In an alternative embodiment of the present invention,
Based on the energy consumption predicted value, combining the lighting equipment characteristic information in the scene knowledge graph, generating the green intelligent lighting regulation strategy by using the intelligent decision algorithm comprises the following steps:
extracting characteristics and relation information of lighting equipment in a scene knowledge graph to form a decision support knowledge base, and constructing an initial decision model of multi-objective optimization based on the decision support knowledge base and an obtained energy consumption predicted value, wherein an objective function comprises energy consumption minimization, user comfort maximization and equipment service life maximization;
Designing an intelligent optimization algorithm based on reinforcement learning, taking historical energy consumption data, real-time environment parameters and user demand data as state input, taking lighting control parameters as action output, solving the initial decision model to generate an initial regulation strategy, simultaneously developing a simulation platform of a virtual model of a lighting system, inputting the initial regulation strategy into the simulation platform, performing first-round simulation, and generating a first-round simulation result data set;
The method comprises the steps of designing a multi-dimensional evaluation index system, comprehensively evaluating a first round of simulation result data set to obtain a first round of evaluation result, optimizing an initial decision model by using a self-adaptive parameter adjustment algorithm based on the first round of evaluation result to generate an optimized decision model, applying the optimized decision model to a simulation platform, performing multi-round iterative simulation, performing strategy evaluation based on evaluation indexes after each round of simulation, and correspondingly adjusting the optimized decision model until a preset termination condition is met to obtain a final decision model and a corresponding green intelligent lighting regulation strategy.

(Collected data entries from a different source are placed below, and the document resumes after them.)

Lemma print_prog_prefix n : prefix_machine (print_prog n).
Proof. by move=> p q y z /print_prog_dom -> /print_prog_dom ->. Qed.

Lemma optimal_runs_onto u : optimal_prefix_machine u -> forall n, exists p, runs u p n.
Proof.
move=> [_ u_opt] n; have [c simulate] := u_opt _ (@print_prog_prefix n).
by have [p [? _]] := simulate _ _ (@runs_print_prog n); exists p.
Qed.

Lemma Kpref_attained u n : (exists p, runs u p n) ->
  exists2 p, runs u p n & size p = Kpref u n.
Proof.
move=> [p u_p_n]; rewrite /Kpref; case: pselect => [ex_len|[]]; last first.
  by exists (size p); apply/asboolP; exists p.
by case: ex_minnP => k /asboolP[q [<- ?]] _; exists q.
Qed.

Lemma Kmeas_attained u Q : computable_measure Q ->
  exists2 q, computes q Q & Kpref u (gnum q) = Kmeas u Q.
Proof.
move=> [_ [q q_Q]]; rewrite /Kmeas; case: pselect => [ex_len|[]]; last first.
  by exists (Kpref u (gnum q)); apply/asboolP; exists q.
by case: ex_minnP => k /asboolP[q' [? <-]] _; exists q'.
Qed.

Definition describes (u : prog) (p : seq bool) (Q : seq bool -> rat) : Prop :=
  exists2 q, computes q Q & runs u p (gnum q).

Lemma shortest_description u Q : optimal_prefix_machine u -> computable_measure Q ->
  exists2 p, describes u p Q & size p = Kmeas u Q.
Proof.
move=> u_opt Q_comp; have [q q_Q <-] := Kmeas_attained u Q_comp.
have [p u_p size_p] := Kpref_attained (optimal_runs_onto u_opt (gnum q)).
by exists p => //; exists q.
Qed.

Lemma describes_inj u p Q Q' : describes u p Q -> describes u p Q' -> Q = Q'.
Proof.
move=> [q q_Q u_p] [q' q'_Q' /(eval_det u_p)/gnum_inj q_q']; subst q'.
by apply: funext => x; apply: enc_rat_inj; exact: eval_det (q_Q x) (q'_Q' x).
Qed.

Local Open Scope ring_scope.

(** * Telescoping sums on the binary tree *)

Lemma ler_sum_subset (R : numDomainType) (T : eqType) (s s' : seq T) (F : T -> R) :
  uniq s -> uniq s' -> {subset s <= s'} -> (forall i, i \in s' -> 0 <= F i) ->
  \sum_(i <- s) F i <= \sum_(i <- s') F i.
Proof.
move=> s_uniq s'_uniq s_s' F_ge0.
rewrite [leRHS](bigID (mem s)) /= -[X in X + _]big_filter.
have s_perm : perm_eq [seq i <- s' | i \in s] s.
  apply: uniq_perm; rewrite ?filter_uniq // => i.
  by rewrite mem_filter andb_idr //; apply: s_s'.
by rewrite (perm_big _ s_perm) lerDl big_seq_cond sumr_ge0 // => i /andP[/F_ge0].
Qed.

Definition tree_drop (R : zmodType) (G : seq bool -> R) (x : seq bool) : R :=
  G x - G (rcons x false) - G (rcons x true).

Section TreeTelescope.
Variables (R : numDomainType) (G : seq bool -> R).
Hypotheses (G_ge0 : forall x, 0 <= G x) (drop_ge0 : forall x, 0 <= tree_drop G x).

(* In the breadth-first numbering [bits_of_nat], the children of node [m] are
   [2m+1] and [2m+2], so the first [M] drops telescope to the root minus the
   frontier [M <= j < 2M+1]. *)
Lemma telescope_bits M :
  \sum_(0 <= m < M) tree_drop G (bits_of_nat m)
    + \sum_(M <= j < M.*2.+1) G (bits_of_nat j) = G [::].
Proof.
elim: M => [|M IHM]; first by rewrite big_geq // big_nat1 add0r.
have le_M_2M : (M <= M.*2)%N by rewrite -addnn leq_addr.
rewrite big_nat_recr //= -IHM [in RHS](big_ltn (n := M.*2.+1)) ?ltnS //.
rewrite doubleS (big_nat_recr M.*2.+2) ?(big_nat_recr M.*2.+1) /= ?ltnS ?leqW //.
rewrite /tree_drop -(bits_of_nat_child M false) -(bits_of_nat_child M true).
by rewrite addn0 addn1 addnS addn0; ring.
Qed.

Lemma sum_tree_drop_le s : uniq s -> \sum_(x <- s) tree_drop G x <= G [::].
Proof.
move=> s_uniq.
have [M ltM] : exists M, forall x, x \in s -> (nat_of_bits x < M)%N.
  exists (\max_(x <- s) nat_of_bits x).+1 => x x_s.
  by rewrite ltnS (leq_bigmax_seq _ x_s).
have frontier_uniq : uniq (map bits_of_nat (iota 0 M)).
  by rewrite map_inj_uniq ?iota_uniq //; apply: can_inj bits_of_natK.
have s_frontier : {subset s <= map bits_of_nat (iota 0 M)}.
  move=> x /ltM x_lt; apply/mapP; exists (nat_of_bits x); last by rewrite nat_of_bitsK.
  by rewrite mem_iota.
apply: le_trans (ler_sum_subset s_uniq frontier_uniq s_frontier _) _ => [x _ //|].
rewrite big_map -[leRHS](telescope_bits M) /index_iota subn0 lerDl.
by rewrite sumr_ge0.
Qed.

End TreeTelescope.

Lemma sum_pow_size_le (R : numFieldType) (a : R) (s : seq (seq bool)) :
  0 <= a -> 2 * a < 1 -> uniq s -> \sum_(x <- s) a ^+ size x <= (1 - 2 * a)^-1.
Proof.
move=> a_ge0 a_lt s_uniq.
have drop_pow x : tree_drop (fun y => a ^+ size y) x = (1 - 2 * a) * a ^+ size x.
  by rewrite /tree_drop !size_rcons exprS; ring.
have := @sum_tree_drop_le _ (fun y => a ^+ size y) _ _ s s_uniq.
rewrite /= expr0; under eq_bigr do rewrite drop_pow; rewrite -mulr_sumr.
rewrite -ler_pdivlMl ?subr_gt0 // mulr1; apply.
- by move=> x; rewrite exprn_ge0.
- by move=> x; rewrite drop_pow mulr_ge0 ?exprn_ge0 // subr_ge0 ltW.
Qed.

Lemma sum_partition_seq (R : nmodType) (I J : eqType) (s : seq I) (d : I -> J) (F : I -> R) :
  \sum_(i <- s) F i = \sum_(j <- undup (map d s)) \sum_(i <- s | d i == j) F i.
Proof.
under [RHS]eq_bigr do rewrite big_mkcond.
rewrite exchange_big /= big_seq [RHS]big_seq; apply: eq_bigr => i s_i.
have d_i : d i \in undup (map d s) by rewrite mem_undup map_f.
rewrite -big_mkcond (big_rem (d i)) //= eqxx big1_seq ?addr0 // => j /andP[/eqP <-].
by rewrite mem_rem_uniqF ?undup_uniq.
Qed.

(** * Inequalities for the affinity sqrt(P Q) *)

Section SqrtInequalities.
Variable R : rcfType.
Implicit Types (a b A B r s t u v : R).

Lemma sqrtrM_addr_le a b A B : 0 <= a -> 0 <= b -> 0 <= A -> 0 <= B ->
  Num.sqrt (a * A) + Num.sqrt (b * B) <= Num.sqrt ((a + b) * (A + B)).
Proof.
move=> a_ge0 b_ge0 A_ge0 B_ge0; rewrite (sqrtrM A) // (sqrtrM B) //.
rewrite -[leLHS]ger0_norm ?addr_ge0 ?mulr_ge0 ?sqrtr_ge0 // -sqrtr_sqr ler_wsqrtr //.
have := sqr_sqrtr a_ge0; have := sqr_sqrtr b_ge0.
have := sqr_sqrtr A_ge0; have := sqr_sqrtr B_ge0.
have := sqr_ge0 (Num.sqrt a * Num.sqrt B - Num.sqrt b * Num.sqrt A).
by move: (Num.sqrt a) (Num.sqrt b) (Num.sqrt A) (Num.sqrt B) => x y X Y; nra.
Qed.

Lemma unit_sqr_sub_le s t u v : 0 <= s -> 0 <= t -> 0 <= u -> 0 <= v ->
  s ^+ 2 + t ^+ 2 = 1 -> u ^+ 2 + v ^+ 2 = 1 ->
  (s ^+ 2 - u ^+ 2) ^+ 2 <= 8 * (1 - s * u - t * v).
Proof.
move=> s_ge0 t_ge0 u_ge0 v_ge0 st1 uv1.
have s_le1 : s <= 1 by nra.
have u_le1 : u <= 1 by nra.
have su_sqr_le4 : (s + u) ^+ 2 <= 4.
  rewrite (_ : 4 = 2 ^+ 2); last by rewrite expr2; lra.
  by rewrite ler_pXn2r ?nnegrE ?addr_ge0 //; lra.
have : 0 <= (s - u) ^+ 2 * (4 - (s + u) ^+ 2) by rewrite mulr_ge0 ?sqr_ge0 ?subr_ge0.
have := sqr_ge0 (t - v).
have -> : (s ^+ 2 - u ^+ 2) ^+ 2 = (s - u) ^+ 2 * (s + u) ^+ 2 by ring.
by nra.
Qed.

Lemma cond_sqr_sub_le a b A B r :
  0 <= a -> 0 <= b -> 0 <= A -> 0 <= B -> 0 < a + b -> 0 < A + B -> 0 <= r ->
  a + b <= r ^+ 2 * (A + B) ->
  (a + b) * (a / (a + b) - A / (A + B)) ^+ 2 <=
    8 * r * (Num.sqrt ((a + b) * (A + B)) - Num.sqrt (a * A) - Num.sqrt (b * B)).
Proof.
move=> a_ge0 b_ge0 A_ge0 B_ge0 ab_gt0 AB_gt0 r_ge0 ab_le.
set p := Num.sqrt (a + b); set q := Num.sqrt (A + B).
have p_gt0 : 0 < p by rewrite sqrtr_gt0.
have q_gt0 : 0 < q by rewrite sqrtr_gt0.
pose s := Num.sqrt a / p; pose t := Num.sqrt b / p.
pose u := Num.sqrt A / q; pose v := Num.sqrt B / q.
have sqr_div (x y : R) : 0 <= x -> 0 < y -> (Num.sqrt x / Num.sqrt y) ^+ 2 = x / y.
  by move=> x_ge0 y_gt0; rewrite expr_div_n !sqr_sqrtr // ltW.
have s2 : s ^+ 2 = a / (a + b) by exact: sqr_div.
have u2 : u ^+ 2 = A / (A + B) by exact: sqr_div.
have st1 : s ^+ 2 + t ^+ 2 = 1 by rewrite s2 sqr_div // -mulrDl divff ?gt_eqF.
have uv1 : u ^+ 2 + v ^+ 2 = 1 by rewrite u2 sqr_div // -mulrDl divff ?gt_eqF.
have [s_ge0 t_ge0 u_ge0 v_ge0] : [/\ 0 <= s, 0 <= t, 0 <= u & 0 <= v].
  by split; rewrite divr_ge0 ?sqrtr_ge0 ?ltW.
have := unit_sqr_sub_le s_ge0 t_ge0 u_ge0 v_ge0 st1 uv1.
have sqrtM (x X : R) : 0 <= x -> Num.sqrt (x * X) = Num.sqrt x / p * p * (Num.sqrt X / q * q).
  by move=> x_ge0; rewrite sqrtrM // !divfK ?gt_eqF.
rewrite (sqrtrM (A + B)) ?(ltW ab_gt0) // -/p -/q !sqrtM // -/s -/t -/u -/v.
rewrite -s2 -u2 -(sqr_sqrtr (ltW ab_gt0)) -/p => unit_le.
have c_ge0 : 0 <= 1 - s * u - t * v.
  by have := sqr_ge0 (s - u); have := sqr_ge0 (t - v); nra.
have p_le : p <= r * q.
  have : p ^+ 2 <= (r * q) ^+ 2.
    by rewrite exprMn /p /q !sqr_sqrtr ?(ltW ab_gt0) ?(ltW AB_gt0).
  by rewrite ler_pXn2r // nnegrE ?mulr_ge0 // ltW.
have := mulr_ge0 (ltW p_gt0) c_ge0.
by nra.
Qed.

End SqrtInequalities.

Definition affinity (R : rcfType) (P Q : seq bool -> R) (x : seq bool) : R :=
  Num.sqrt (P x * Q x).

Section Affinity.
Variables (R : rcfType) (P Q : seq bool -> R).
Hypotheses (P_ge0 : forall x, 0 <= P x) (Q_ge0 : forall x, 0 <= Q x).
Hypothesis P_split : forall x, P (rcons x false) + P (rcons x true) = P x.
Hypothesis Q_split : forall x, Q (rcons x false) + Q (rcons x true) = Q x.

Lemma affinity_drop_ge0 x : 0 <= tree_drop (affinity P Q) x.
Proof.
rewrite /tree_drop /affinity -addrA -opprD subr_ge0 -(P_split x) -(Q_split x).
exact: sqrtrM_addr_le.
Qed.

Lemma cond_sqr_err_le x r : 0 < P x -> 0 < Q x -> 0 <= r -> P x <= r ^+ 2 * Q x ->
  P x * (P (rcons x false) / P x - Q (rcons x false) / Q x) ^+ 2
    <= 8 * r * tree_drop (affinity P Q) x.
Proof. by rewrite /tree_drop /affinity -(P_split x) -(Q_split x); apply: cond_sqr_sub_le. Qed.

End Affinity.

Lemma ratr_measure (R : numFieldType) (P : seq bool -> rat) : is_measure P ->
  [/\ ratr (P [::]) = 1 :> R, forall x, 0 <= ratr (P x) :> R
    & forall x, ratr (P (rcons x false)) + ratr (P (rcons x true)) = ratr (P x) :> R].
Proof.
by case=> P_nil [P_ge0 P_split]; split=> [|x|x]; rewrite ?P_nil ?rmorph1 ?ler0q // -rmorphD P_split.
Qed.

(** * The prediction error of best explanations *)

Section Decay.
Variable R : realType.

Definition decay : R := 2 `^ (- (3 / 2)).

Let ln2_gt0 : 0 < ln (2 : R). Proof. by rewrite ln_gt0 // ltr1n. Qed.

Let powR2E (y : R) : 2 `^ y = expR (y * ln 2).
Proof. by rewrite /powR pnatr_eq0. Qed.

Lemma decay_gt0 : 0 < decay.
Proof. exact: powR_gt0. Qed.

Lemma two_decay_lt1 : 2 * decay < 1.
Proof.
rewrite /decay powR2E -[X in X * _]lnK ?posrE // -expRD expR_lt1.
by move: ln2_gt0; set l := ln _; lra.
Qed.

Lemma explanation_gap_le (p q : R) (K k : nat) : 0 < p -> 0 < q ->
  3 * k%:R - log2 q <= 3 * K%:R - log2 p ->
  p <= (2 `^ (3 / 2 * K%:R) * decay ^+ k) ^+ 2 * q.
Proof.
move=> p_gt0 q_gt0; rewrite /log2 -(ler_pM2r ln2_gt0) !mulrBl !divfK ?gt_eqF // => gap.
rewrite /decay !powR2E -expRM_natl -expRD -expRM_natl -[q]lnK ?posrE // -expRD.
by rewrite -[leLHS]lnK ?posrE // ler_expR; lra.
Qed.

End Decay.

Section BestExplanation.
Variables (R : realType) (u : prog).
Hypothesis u_opt : optimal_prefix_machine u.
Variable H : seq bool -> seq bool -> rat.
Hypothesis H_best : forall x, best_explanation (R := R) u x (H x).
Variable P : seq bool -> rat.
Hypothesis P_comp : computable_measure P.

Let sqr_err x : R :=
  ratr (P x) * (ratr (cond P false x) - ratr (cond (H x) false x)) ^+ 2.

Let code x : seq bool := s2val (cid2 (shortest_description u_opt (H_best x).1)).

Let code_describes x : describes u (code x) (H x).
Proof. by rewrite /code; case: cid2. Qed.

Let size_code x : size (code x) = Kmeas u (H x).
Proof. by rewrite /code; case: cid2. Qed.

Let E : R := 2 `^ (3 / 2 * (Kmeas u P)%:R).

Let weight (p : seq bool) : R := E * decay R ^+ size p.

Let weight_ge0 p : 0 <= weight p.
Proof. by rewrite mulr_ge0 ?powR_ge0 ?exprn_ge0 ?ltW ?decay_gt0. Qed.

Illustratively, a perfect decision support knowledge base needs to be established first. And (3) constructing a semantic association network of the scene lighting equipment by adopting a knowledge graph technology to form a structured and machine-understandable knowledge representation. Specifically, attribute characteristics of the lighting equipment, such as model, power, luminous flux, color temperature, color rendering index and the like, and relationship information, such as topological connection, control logic and the like, among the equipment are obtained from heterogeneous data sources, such as equipment parameters, spatial layout, use instructions and the like, through modes of manual labeling, automatic extraction and the like. And defining core concepts, attributes and relations in the lighting field by using an ontology modeling method, and constructing an ontology model of the scene knowledge graph. And then, mapping the extracted equipment characteristics and the relation information into an ontology model to form an instantiated knowledge graph.
Implicit device association and optimization potentials can be further mined and inferred based on the constructed scene knowledge graph. For example, the energy consumption characteristics and the use modes of different areas and different types of lighting equipment are analyzed through a graph reasoning technology to find an optimized dimming combination and a control strategy, and the low-dimensional semantic representation of equipment nodes is learned through a graph representation learning technology to characterize the similarity and complementarity among the equipment nodes so as to provide semantic enhanced state characteristics for subsequent intelligent optimization.

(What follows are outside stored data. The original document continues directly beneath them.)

Definition hkernel_trivial i t := forall y, hkernel i t y -> forall c, y c = 0.

Lemma mat_apply0 r a : mat_apply phi (fun _ _ => 0) r a = 0.
Proof. by rewrite /mat_apply big1 // => c _; rewrite /ps_mul big1 // => b _; rewrite mulr0. Qed.

Section InitialDegree.
Variable i : nat.
Hypothesis phi_i : all_in_maxpow phi i.

Lemma mat_apply_vanish x t : (forall c s, (s < t)%N -> x c s = 0) ->
  forall r a, (a < t + i)%N -> mat_apply phi x r a = 0.
Proof.
move=> x_t r a lt_a; rewrite /mat_apply big1 // => c _; rewrite /ps_mul big1 // => b _.
have [lt_bi|le_ib] := ltnP b i; first by rewrite phi_i ?mul0r.
by rewrite x_t ?mulr0 //; have := ltn_ord b; lia.
Qed.

Lemma mat_apply_initial x t : (forall c s, (s < t)%N -> x c s = 0) ->
  forall r, mat_apply phi x r (t + i)%N = \sum_c phi r c i * x c t.
Proof.
move=> x_t r; rewrite /mat_apply; apply: eq_bigr => c _; have i_lt : (i < (t + i).+1)%N by lia.
rewrite /ps_mul (bigD1 (Ordinal i_lt)) //= addnK big1 ?addr0 // => b /eqP b_neq_i.
have [lt_bi|le_ib] := ltnP b i; first by rewrite phi_i ?mul0r.
have lt_ib : (i < b)%N.
  by rewrite ltn_neqAle le_ib andbT; apply/eqP => b_i; apply/b_neq_i/val_inj.
by rewrite x_t ?mulr0 //; have := ltn_ord b; lia.
Qed.

Lemma vanish_of_mat_apply_vanish x t : (forall s, (s < t)%N -> hkernel_trivial i s) -> is_psvec x ->
  (forall r a, (a < t + i)%N -> mat_apply phi x r a = 0) -> forall c s, (s < t)%N -> x c s = 0.
Proof.
move=> triv x_ps phix0.
suff x_s s : (s <= t)%N -> forall c s', (s' < s)%N -> x c s' = 0 by exact: x_s.
elim: s => [//|s IHs] lt_st c s'; rewrite ltnS leq_eqVlt => /orP[/eqP->|]; last first.
  by apply: IHs; apply: ltnW.
apply: (triv s lt_st (fun c => x c s)); split=> [c'|r]; first exact: x_ps.
by rewrite -mat_apply_initial ?phix0 ?ltn_add2r //; apply: IHs; apply: ltnW.
Qed.

End InitialDegree.

(* n^t Q^n / n^(t+1) Q^n, as n-tuples of forms of degree t. *)
Definition gr_free t := {ffun 'I_n -> dhomog d.+1 k t}.

Lemma gr_free_sumE t m (cf : 'I_m -> k) (w : 'I_m -> gr_free t) c :
  val ((\sum_l cf l *: w l) c) = \sum_l cf l *: val (w l c).
Proof.
rewrite sum_ffunE (raddf_sum (@mpoly_of_dhomog d.+1 k t)); apply: eq_bigr => l _.
by rewrite ffunE.
Qed.

(* U is the space of degree-j initial forms of phi(Q^n) ∩ n^j Q^n, so that
   n^j M / n^(j+1) M is gr_free j / U. *)
Definition initial_space j (U : {vspace gr_free j}) :=
  forall u : gr_free j, u \in U <->
    exists2 x, is_psvec x & (forall r a, (a < j)%N -> mat_apply phi x r a = 0) /\
                           forall r, mat_apply phi x r j = val (u r).

Lemma graded_length_initial_space j (U : {vspace gr_free j}) : initial_space U ->
  is_graded_length phi j (\dim {:gr_free j} - \dim U).
Proof.
move=> U_init; split=> [|m W W_good W_free].
  rewrite -dimv_compl; pose w := tnth (vbasis U^C%VS).
  exists (fun l => hvec j (fun c => val (w l c))); split=> [l|cf x x_ps phix]; first split.
  - by apply: hvec_ps => c; apply/homog_ofP; exact: dhomog_is_dhomog.
  - by move=> c a lt_aj; rewrite /hvec (ltn_eqF lt_aj).
  apply: (free_mod_compl (U := U)); apply/U_init; exists x => //; split=> [r a lt_aj|r].
    rewrite -phix ?(ltnW lt_aj) // big1 // => l _.
    by rewrite /hvec (ltn_eqF lt_aj) scaler0.
  by rewrite -phix // gr_free_sumE; apply: eq_bigr => l _; rewrite /hvec eqxx.
pose w l : gr_free j := [ffun c => indhomog j (W l c j)].
apply: (free_mod_size (w := w)) => cf /U_init [x x_ps [phix0 phixj]].
apply: (W_free cf x x_ps) => c a; rewrite leq_eqVlt => /orP[/eqP->|lt_aj].
  rewrite phixj gr_free_sumE; apply: eq_bigr => l _.
  by rewrite ffunE val_indhomog //; apply/homog_ofP; exact: (W_good l).1.
by rewrite phix0 // big1 // => l _; rewrite (W_good l).2 ?scaler0.
Qed.

Lemma initial_space_low i j : all_in_maxpow phi i -> (j < i)%N ->
  initial_space (0%VS : {vspace gr_free j}).
Proof.
move=> phi_i lt_ji u; rewrite memv0; split=> [/eqP->|[x _ [_ phixj]]].
  exists (fun _ _ => 0) => [c a m _|]; first exact: mcoeff0.
  by split=> [r a _|r]; rewrite mat_apply0 // ffunE.
apply/eqP/ffunP => r; apply: val_inj; rewrite ffunE -phixj.
exact: (mat_apply_vanish phi_i (t := 0)).
Qed.

(* The projection [pihomog] makes this linear without assuming phi_i homogeneous. *)
Definition initial_fun (i t : nat) : gr_free t -> gr_free (t + i)%N := fun y =>
  [ffun r => indhomog (t + i)%N (pihomog mdeg (t + i)%N (\sum_c phi r c i * val (y c)))].

#[global] Arguments initial_fun i t : clear implicits.
Lemma initial_fun_is_linear (i t : nat) : linear (initial_fun i t).
Proof.
move=> a y z; apply/ffunP => r; apply: val_inj; rewrite !ffunE /=.
rewrite !val_indhomog ?pihomogP // -linearP /=; congr pihomog.
rewrite scaler_sumr -big_split /=; apply: eq_bigr => c _.
by rewrite !ffunE /= mulrDr scalerAr.
Qed.

End PresentationMatrix.

HB.instance Definition _ k d n (phi : psmat k d n) (i t : nat) :=
  GRing.isLinear.Build k (gr_free k d n t) (gr_free k d n (t + i)%N) _
    (initial_fun phi i t) (@initial_fun_is_linear k d n phi i t).

Definition initial_map k d n (phi : psmat k d n) (i t : nat) :
  'Hom(gr_free k d n t, gr_free k d n (t + i)%N) := linfun (initial_fun phi i t).

Section InitialMap.
Variables (k : fieldType) (d n : nat) (phi : psmat k d n).
Hypothesis phi_ps : is_psmat phi.

Lemma initial_mapE i t (y : gr_free k d n t) r :
  val (initial_map phi i t y r) = \sum_c phi r c i * val (y c).
Proof.
rewrite lfunE ffunE val_indhomog ?pihomogP // pihomog_dE // addnC.
by apply: rpred_sum => c _; apply: dhomogM; [apply/homog_ofP/phi_ps | exact: dhomog_is_dhomog].
Qed.

Lemma initial_space_high i t : all_in_maxpow phi i ->
  (forall s, (s < t)%N -> hkernel_trivial phi i s) ->
  initial_space phi (limg (initial_map phi i t)).
Proof.
move=> phi_i triv u; split=> [/memv_imgP [y _ ->]|[x x_ps [phix0 phixt]]].
  pose x := hvec t (fun c => val (y c)).
  have x_t c s : (s < t)%N -> x c s = 0 by move=> lt_st; rewrite /x /hvec (ltn_eqF lt_st).
  exists x; first by apply: hvec_ps => c; apply/homog_ofP; exact: dhomog_is_dhomog.
  split=> [r a|r]; first exact: (mat_apply_vanish phi_i x_t).
  rewrite (mat_apply_initial phi_i x_t) initial_mapE.
  by apply: eq_bigr => c _; rewrite /x /hvec eqxx.
have x_t := vanish_of_mat_apply_vanish phi_i triv x_ps phix0.
apply/memv_imgP; exists [ffun c => indhomog t (x c t)]; first exact: memvf.
apply/ffunP => r; apply: val_inj; rewrite initial_mapE -phixt (mat_apply_initial phi_i x_t).
by apply: eq_bigr => c _; rewrite ffunE val_indhomog //; apply/homog_ofP/x_ps.
Qed.

Lemma initial_map_kerP i t (v : gr_free k d n t) :
  v \in lker (initial_map phi i t) <-> hkernel phi i t (fun c => val (v c)).
Proof.
rewrite memv_ker; split=> [/eqP v0|[_ kerv]].
  split=> [c|r]; first by apply/homog_ofP; exact: dhomog_is_dhomog.
  by rewrite -initial_mapE v0 ffunE.
by apply/eqP/ffunP => r; apply: val_inj; rewrite initial_mapE kerv ffunE.
Qed.

Lemma dim_gr_free t : \dim {:gr_free k d n t} = (n * 'C(t + d, t))%N.
Proof. by rewrite dimvf /dim /= card_ord. Qed.

Lemma dim_initial_map_full i t : hkernel_trivial phi i t ->
  \dim (limg (initial_map phi i t)) = \dim {:gr_free k d n t}.
Proof.
move=> triv; apply: limg_dim_eq; apply/eqP; rewrite capfv -subv0; apply/subvP => v.
move/initial_map_kerP/triv => v0; rewrite memv0; apply/eqP/ffunP => c.
by apply: val_inj; rewrite v0 ffunE.
Qed.

Lemma dim_initial_map_lt i t y c0 : hkernel phi i t y -> y c0 != 0 ->
  (\dim (limg (initial_map phi i t)) < \dim {:gr_free k d n t})%N.
Proof.
move=> [y_t kery] y_c0; pose v : gr_free k d n t := [ffun c => indhomog t (y c)].
have val_v c : val (v c) = y c by rewrite ffunE val_indhomog //; apply/homog_ofP.
have v_ker : v \in lker (initial_map phi i t).
  by apply/initial_map_kerP; split=> [c|r]; rewrite ?val_v //; under eq_bigr do rewrite val_v.
have v_neq0 : v != 0 by apply: contraNneq y_c0 => v0; rewrite -val_v v0 ffunE.
rewrite -(limg_ker_dim (initial_map phi i t) fullv) capfv -add1n leq_add2r lt0n dimv_eq0.
by apply: contraNneq v_neq0 => ker0; rewrite -memv0 -ker0.
Qed.

Lemma dim_initial_map_gt0 i r c : phi r c i != 0 ->
  (0 < \dim (limg (initial_map phi i 0)))%N.
Proof.
move=> phi_rc; pose v : gr_free k d n 0 := [ffun c' => indhomog 0 (c' == c)%:R].
have val_v c' : val (v c') = (c' == c)%:R.
  by rewrite ffunE val_indhomog //; case: eqP => _; rewrite ?dhomog1 ?dhomog0.
rewrite lt0n dimv_eq0; apply: contraNneq phi_rc => img0.
have : initial_map phi i 0 v \in limg (initial_map phi i 0) by apply/memv_img/memvf.
rewrite img0 memv0 => /eqP Pv0; have := initial_mapE i v r.
rewrite Pv0 ffunE (bigD1 c) //= val_v eqxx mulr1 big1 ?addr0 => [<- //|c' /negbTE c'_c].
by rewrite val_v c'_c mulr0.
Qed.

Finally, a scene knowledge graph formed by combining multidimensional information such as energy consumption statistics, equipment characteristics, associated semantics and the like is formed, and a decision support knowledge base generated by an intelligent illumination regulation strategy is formed. Based on the knowledge base, the environment perception capability, the user demand understanding capability and the global coordination capability of the lighting optimization decision can be remarkably improved.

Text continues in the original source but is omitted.